Given entries:

Lemma dev_play_isPlay : isPlay Q.
Proof.
move=> j; elim/ltn_ind: j => j IH; have [lt_jt|le_tj] := ltnP j (size t).
  by rewrite !dev_play_prefix // ?spe_play_isPlay // ltnW.
rewrite dev_play_next //; case: eqP => [own_j|_]; last first.
  by rewrite -[X in E X _](last_mkseq v0) spe_move_edge.
move: IH own_j; have [n ->] : exists n, j = size t + n by exists (j - size t); rewrite subnKC.
move=> IH own_j; pose Qt k := Q (size t + k.+1).
have Q_t : Q (size t + 0) = last v0 t.
  by rewrite addn0 dev_play_prefix // /spe_play (play_of_prefix _ v0) ?nth_last.
have hist : drop (size t) (mkseq Q (size t + n).+1) = last v0 t :: mkseq Qt n.
  by rewrite -addnS drop_mkseq mkseqSl Q_t.
have path_n : path E (last v0 t) (mkseq Qt n).
  rewrite -Q_t /Qt; apply: (@path_mkseq _ _ (fun k => Q (size t + k)) n) => k lt_kn.
  by rewrite addnS; apply: IH; rewrite ltn_add2l.
have last_n : last (last v0 t) (mkseq Qt n) = Q (size t + n).
  by rewrite -Q_t /Qt (last_mkseqSl (fun k => Q (size t + k))).
by rewrite hist -[X in E X _]last_n; apply: strat_s; rewrite // last_n.
Qed.

Lemma deviation_owner j : size t <= j -> Q j.+1 != spe_move (mkseq Q j.+1) -> owner (Q j) = i.
Proof. by move=> le_tj; rewrite dev_play_next //; case: (owner (Q j) =P i); rewrite ?eqxx. Qed.

Lemma dev_play_agrees m :
  (forall n, size t <= n -> n < m -> Q n.+1 = spe_move (mkseq Q n.+1)) ->
  forall j, j <= m -> Q j = P j.
Proof.
move=> no_dev j; elim/ltn_ind: j => j IH le_jm.
have [le_jt|lt_tj] := leqP j (size t); first exact: dev_play_prefix.
case: j IH le_jm lt_tj => [//|j] IH le_jm lt_tj.
rewrite no_dev // /spe_play play_of_next //; congr spe_move.
by apply: eq_in_mkseq => k lt_kj; apply: IH => //; apply: leq_trans le_jm; apply: ltnW.
Qed.

Definition dev_mode (n : nat) : mode := mode_of (mkseq Q n.+1).

Lemma dev_mode_next n : dev_mode n.+1 = update (mkseq Q n.+1) (dev_mode n) (Q n.+1).
Proof. by rewrite /dev_mode mkseqS [mkseq Q n.+1]mkseqSl mode_of_rcons -mkseqSl. Qed.

Lemma dev_mode_invariant n : mode_invariant (mkseq Q n.+1).
Proof.
have Q0 : Q 0 = v0 by rewrite dev_play_prefix // /spe_play (play_of_prefix _ v0).
have := play_path n dev_play_isPlay; rewrite mkseqSl Q0; exact: mode_invariant_path.
Qed.

Lemma dev_mode_after_deviation m : size t <= m -> Q m.+1 != spe_move (mkseq Q m.+1) ->
  exists a k, [/\ dev_mode m.+1 = Some (a, k), owner a = i & (lam a <= lam (Q m))%E].
Proof.
move=> le_tm dev; have own_m := deviation_owner le_tm dev.
rewrite dev_mode_next /update -[safe_move _ _]/(spe_move (mkseq Q m.+1)) (negbTE dev).
rewrite last_mkseq size_mkseq; case: (dev_mode m) => [[a k]|]; last by exists (Q m), m.
case: ifP => [/andP[/eqP own_a le_a]|_]; last by exists (Q m), m.
by exists a, k; rewrite own_a own_m.
Qed.

Lemma dev_mode_step n a k : size t <= n -> dev_mode n = Some (a, k) -> owner a = i ->
  dev_mode n.+1 = Some (a, k) \/
  [/\ dev_mode n.+1 = Some (Q n, n), owner (Q n) = i & (lam (Q n) < lam a)%E].
Proof.
move=> le_tn mode_n own_a; rewrite dev_mode_next mode_n /update.
case: eqP => [_|/eqP dev]; first by left.
have own_n : owner (Q n) = i by apply: deviation_owner; rewrite // /spe_move -/(dev_mode n) mode_n.
rewrite last_mkseq size_mkseq own_a own_n eqxx /=.
by case: leP => [_|lt_na]; [left | right].
Qed.

Lemma dev_mode_stationary m : size t <= m -> Q m.+1 != spe_move (mkseq Q m.+1) ->
  exists b kb M, [/\ forall n, M <= n -> dev_mode n = Some (b, kb), owner b = i
                   & (lam b <= lam (Q m))%E].
Proof.
move=> le_tm dev.
pose J n := exists a k, [/\ dev_mode n = Some (a, k), owner a = i & (lam a <= lam (Q m))%E].
have J_after n : m < n -> J n.
  elim: n => [//|n IH]; rewrite ltnS leq_eqVlt => /orP[/eqP <-|lt_mn].
    exact: dev_mode_after_deviation.
  have [a [k [mode_n own_a le_a]]] := IH lt_mn.
  have [mode_n1|[mode_n1 own_n lt_na]] := dev_mode_step (leq_trans le_tm (ltnW lt_mn)) mode_n own_a.
  - by exists a, k.
  - by exists (Q n), n; split => //; apply: le_trans (ltW lt_na) le_a.
have [M le_mM stat] : exists2 M, m < M & forall n, M <= n -> dev_mode n = dev_mode M.
  apply: (stationary_of_decreasing_measure (phi := mode_rank)) => n lt_mn.
  have [a [k [mode_n own_a _]]] := J_after n lt_mn.
  have [->|[-> _ lt_na]] := dev_mode_step (leq_trans le_tm (ltnW lt_mn)) mode_n own_a.
    by left.
  by right; rewrite mode_n mode_rank_lt.
have [b [kb [mode_M own_b le_b]]] := J_after M le_mM.
by exists b, kb, M; split => // n le_Mn; rewrite stat.
Qed.
(* Let $\mathcal{D}$ be a distribution over pairs $(x,y)$ with $x \in \mathbb{R}^n$ and $y \in [C]$, let $d(\cdot,\cdot)$ be an arbitrary metric on $\mathbb{R}^n$, and let $\epsilon > 0$. Let $f_{\mathrm{det}}: \mathbb{R}^n \to [C] \cup \{\bot\}$ be a detector with risk $R(f_{\mathrm{det}}) = \alpha$ and robust risk with detection $R^{\epsilon}_{\mathrm{adv\text{-}det}}(f_{\mathrm{det}}) = \beta$. Define a classifier $f_{\mathrm{clf}}$ on an input $\hat{x} \in \mathbb{R}^n$ as follows: if $f_{\mathrm{det}}(\hat{x}) \neq \bot$, output $f_{\mathrm{det}}(\hat{x})$; otherwise, if there exists $x'$ with $d(\hat{x}, x') \le \epsilon/2$ and $f_{\mathrm{det}}(x') \neq \bot$, output $f_{\mathrm{det}}(x')$ for such an $x'$; otherwise output a uniformly random label in $[C]$. Then $R(f_{\mathrm{clf}}) \le \alpha$ and $R^{\epsilon/2}_{\mathrm{adv}}(f_{\mathrm{clf}}) \le \beta$.
   Context: A classifier is a function $f_{\mathrm{clf}}: \mathbb{R}^n \to [C]$; a detector is a function $f_{\mathrm{det}}: \mathbb{R}^n \to [C] \cup \{\bot\}$, where $\bot$ denotes rejection. For $f$ either a classifier or a detector, the risk is $R(f) = \mathbb{E}_{(x,y)\sim\mathcal{D}}[\mathbb{1}\{f(x) \neq y\}]$ (for a detector, outputting $\bot$ on a clean sample counts as an error). The robust risk of a classifier at distance $\epsilon$ is $R^{\epsilon}_{\mathrm{adv}}(f_{\mathrm{clf}}) = \mathbb{E}_{(x,y)\sim\mathcal{D}}[\max_{d(x,\hat{x}) \le \epsilon} \mathbb{1}\{f_{\mathrm{clf}}(\hat{x}) \neq y\}]$. The robust risk with detection of a detector at distance $\epsilon$ is $R^{\epsilon}_{\mathrm{adv\text{-}det}}(f_{\mathrm{det}}) = \mathbb{E}_{(x,y)\sim\mathcal{D}}[\max_{d(x,\hat{x}) \le \epsilon} \mathbb{1}\{f_{\mathrm{det}}(x) \neq y \ \lor\ f_{\mathrm{det}}(\hat{x}) \notin \{y, \bot\}\}]$. Detectors are assumed deterministic. The random label output by $f_{\mathrm{clf}}$ in the last case may be counted as an error in the risk bounds. *)

From HB Require Import structures.
From mathcomp Require Import all_boot all_order all_algebra.
From mathcomp Require Import all_classical all_reals all_analysis.
Set Implicit Arguments. Unset Strict Implicit. Unset Printing Implicit Defensive.
Import Order.TTheory GRing.Theory Num.Theory.
Local Open Scope classical_set_scope.
Local Open Scope ring_scope.

Definition is_metric (R : realType) (V : Type) (dist : V -> V -> R) : Prop :=
  (forall x y, 0 <= dist x y) /\
  (forall x y, dist x y = 0 <-> x = y) /\
  (forall x y, dist x y = dist y x) /\
  (forall x y z, dist x z <= dist x y + dist y z).

(* The data distribution D over R^n x [C] is represented as the joint law of a
   pair of random variables (X, Y) : Omega -> 'rV[R]_n * 'I_C on a probability
   space (Omega, P).  For a detector None is the rejection symbol ⊥. *)

(* R(f) = E[ 1{ f(x) <> y } ]  (None never equals a label, so for a detector
   rejecting a clean sample counts as an error). *)
Definition risk (R : realType) (d : measure_display) (Omega : measurableType d)
    (P : probability Omega R) (n C : nat)
    (X : Omega -> 'rV[R]_n) (Y : Omega -> 'I_C)
    (f : 'rV[R]_n -> option 'I_C) : \bar R :=
  (\int[P]_w (\1_[set w | f (X w) <> Some (Y w)] w)%:E)%E.

Definition adv_risk (R : realType) (d : measure_display) (Omega : measurableType d)
    (P : probability Omega R) (n C : nat)
    (X : Omega -> 'rV[R]_n) (Y : Omega -> 'I_C)
    (dist : 'rV[R]_n -> 'rV[R]_n -> R) (eps : R)
    (f : 'rV[R]_n -> option 'I_C) : \bar R :=
  (\int[P]_w (\1_[set w | exists xh, dist (X w) xh <= eps /\
                                     f xh <> Some (Y w)] w)%:E)%E.

Definition adv_det_risk (R : realType) (d : measure_display) (Omega : measurableType d)
    (P : probability Omega R) (n C : nat)
    (X : Omega -> 'rV[R]_n) (Y : Omega -> 'I_C)
    (dist : 'rV[R]_n -> 'rV[R]_n -> R) (eps : R)
    (f : 'rV[R]_n -> option 'I_C) : \bar R :=
  (\int[P]_w (\1_[set w | exists xh, dist (X w) xh <= eps /\
        (f (X w) <> Some (Y w) \/
         (f xh <> Some (Y w) /\ f xh <> None))] w)%:E)%E.

(* f_clf is the classifier built from the detector f_det as in the statement:
   - if f_det xh <> ⊥, output f_det xh;
   - else if some x' with dist xh x' <= eps/2 has f_det x' <> ⊥, output f_det x'
     for such an x' (any choice);
   - else output a uniformly random label; following the convention of the
     paper this random label is counted as an error, which we model by the
     output None (never equal to the true label). *)
Definition clf_of_det (R : realType) (n C : nat)
    (dist : 'rV[R]_n -> 'rV[R]_n -> R) (eps : R)
    (f_det f_clf : 'rV[R]_n -> option 'I_C) : Prop :=
  forall xh : 'rV[R]_n,
    (f_det xh <> None -> f_clf xh = f_det xh) /\
    (f_det xh = None ->
       (exists x', dist xh x' <= eps / 2 /\ f_det x' <> None) ->
       exists x', [/\ dist xh x' <= eps / 2, f_det x' <> None &
                      f_clf xh = f_det x']) /\
    (f_det xh = None ->
       ~ (exists x', dist xh x' <= eps / 2 /\ f_det x' <> None) ->
       f_clf xh = None).

From HB Require Import structures.
From mathcomp Require Import all_boot all_order all_algebra.
From mathcomp Require Import all_classical all_reals all_analysis.
Import Order.TTheory GRing.Theory Num.Theory.
Local Open Scope classical_set_scope.
Local Open Scope ring_scope.

(* Both bounds hold pointwise: whenever f_clf errs on a sample, f_det errs on
   it in the detection sense, and integrals of indicators are monotone.  For
   the robust bound, an attack xh within eps/2 of x on which f_clf errs either
   lands on a point accepted by f_det, where f_clf = f_det, or on a rejected
   one; the accepted neighbour x' within eps/2 of xh that f_clf copies is then,
   by the triangle inequality, an attack within eps on which f_det outputs a
   wrong label. *)

(* No measurability is needed: the integral of a nonnegative function is a
   supremum over the simple functions below it. *)
Lemma ge0_le_integralT (R : realType) (d : measure_display)
    (T : measurableType d) (mu : {measure set T -> \bar R})
    (f g : T -> \bar R) :
  (forall x, (0 <= f x)%E) -> (forall x, (f x <= g x)%E) ->
  (\int[mu]_x f x <= \int[mu]_x g x)%E.
Proof.
move=> f0 fg; have g0 x := le_trans (f0 x) (fg x).
rewrite !ge0_integralTE //; apply: ereal_sup_le => _ [h /= hf <-].
by exists h => //= x; exact: le_trans (hf x) (fg x).
Qed.

Lemma le_integral_indic (R : realType) (d : measure_display)
    (T : measurableType d) (mu : {measure set T -> \bar R}) (A B : set T) :
  A `<=` B -> (\int[mu]_x (\1_A x)%:E <= \int[mu]_x (\1_B x)%:E)%E.
Proof.
move=> AB; apply: ge0_le_integralT => x; rewrite lee_fin !indicE //.
have [/set_mem/AB/mem_set -> //|_] := boolP (x \in A).
by rewrite ler0n.
Qed.

Section classifier_of_detector.
Variables (R : realType) (n C : nat) (dist : 'rV[R]_n -> 'rV[R]_n -> R).
Variables (eps : R) (f_det f_clf : 'rV[R]_n -> option 'I_C).
Hypothesis f_clfP : clf_of_det dist eps f_det f_clf.

Lemma clf_of_det_accepted x : f_det x <> None -> f_clf x = f_det x.
Proof. exact: (f_clfP x).1. Qed.

Lemma clf_of_det_err x y : f_clf x <> Some y -> f_det x <> Some y.
Proof.
by move=> clf_err det_ok; apply: clf_err; rewrite clf_of_det_accepted det_ok.
Qed.

Hypothesis dist_metric : is_metric dist.

Lemma clf_of_det_adv_err x y xh :
  dist x xh <= eps / 2 -> f_clf xh <> Some y ->
  exists xa, dist x xa <= eps /\
    (f_det x <> Some y \/ (f_det xa <> Some y /\ f_det xa <> None)).
Proof.
move: dist_metric => [dist_ge0 [dist_eq0 [distC dist_tri]]] x_xh clf_err.
have eps2_ge0 : 0 <= eps / 2 := le_trans (dist_ge0 x xh) x_xh.
have eps2_le : eps / 2 <= eps by rewrite [leRHS]splitr lerDl.
have [det_ok|det_err] := f_det x =P Some y; last first.
  by exists x; split; [rewrite (dist_eq0 x x).2 // (le_trans eps2_ge0)|left].
have [xh_rej|xh_acc] := f_det xh =P None; last first.
  exists xh; split; first exact: le_trans x_xh eps2_le.
  by right; split => //; rewrite -clf_of_det_accepted.
have [|x' [xh_x' x'_acc clf_x']] := (f_clfP xh).2.1 xh_rej.
  by exists x; rewrite distC det_ok.
exists x'; split; last by right; split => //; rewrite -clf_x'.
by rewrite (le_trans (dist_tri _ xh _)) // [eps]splitr lerD.
Qed.

End classifier_of_detector.

Theorem theorem1 (R : realType) (d : measure_display) (Omega : measurableType d)
    (P : probability Omega R) (n C : nat)
    (X : Omega -> 'rV[R]_n) (Y : Omega -> 'I_C)
    (dist : 'rV[R]_n -> 'rV[R]_n -> R) (eps : R)
    (f_det f_clf : 'rV[R]_n -> option 'I_C) (alpha beta : \bar R) :
  is_metric dist -> 0 < eps ->
  risk P X Y f_det = alpha ->
  adv_det_risk P X Y dist eps f_det = beta ->
  clf_of_det dist eps f_det f_clf ->
  (risk P X Y f_clf <= alpha)%E /\
  (adv_risk P X Y dist (eps / 2) f_clf <= beta)%E.
Proof.
move=> dist_metric _ <- <- f_clfP; split; apply: le_integral_indic => w /=.
  exact: clf_of_det_err.
by move=> [xh [x_xh clf_err]]; exact: clf_of_det_adv_err clf_err.
Qed.
Lemma compact_closed_nbhd_sub K D :
  dcompact d K -> dopen d D -> K `<=` D ->
  exists2 r, 0 < r & closed_nbhd K r `<=` D.
Proof.
move=> K_compact D_open KD.
have /choice[e He] : forall y, exists e : R, 0 < e /\ (D y -> dball d y e `<=` D).
  move=> y; have [Dy|nDy] := pselect (D y); last by exists 1.
  by have [e [e0 De]] := D_open y Dy; exists e.
pose half_ball (i : {y | K y}) := dball d (sval i) (e (sval i) / 2).
have [J [J_fin KJ]] : exists J, finite_set J /\ K `<=` \bigcup_(i in J) half_ball i.
  apply: K_compact => [i|y Ky]; first exact: dopen_dball.
  exists (exist _ y Ky) => //; have [e0 _] := He y.
  by rewrite /half_ball /dball /= dist_refl divr_gt0.
have [r r0 r_le] : exists2 r, 0 < r & forall i, J i -> r <= e (sval i) / 2.
  apply: finite_uniform_pos J_fin _ _ => [i r r' _ r'r ri|i _]; first exact: le_trans ri.
  by exists (e (sval i) / 2) => //; have [e0 _] := He (sval i); rewrite divr_gt0.
exists r => // x [y Ky yx].
have [[i Ki] Ji /= iy] := KJ y Ky; have [_ iD] := He i.
apply: (iD (KD _ Ki)); rewrite /half_ball /dball /= in iy *.
by have /= := r_le _ Ji; have := dist_triangle i y x; lra.
Qed.

Definition open_cont (g : pmapX X) : Prop := dopen d (pdom g) /\ pcont d g.

Lemma open_cont_pid : open_cont pid.
Proof.
split; first by move=> x _; exists 1; split.
by move=> x _ [<-] e e0; exists e => // x2 _ xx2 [<-].
Qed.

Goal of the exercise:
Every line in the listing that holds the string "right" should be copied out.

Task result:
by case: leP => [_|lt_na]; [left | right].
  by right; rewrite mode_n mode_rank_lt.
  by right; split => //; rewrite -clf_of_det_accepted.
exists x'; split; last by right; split => //; rewrite -clf_x'.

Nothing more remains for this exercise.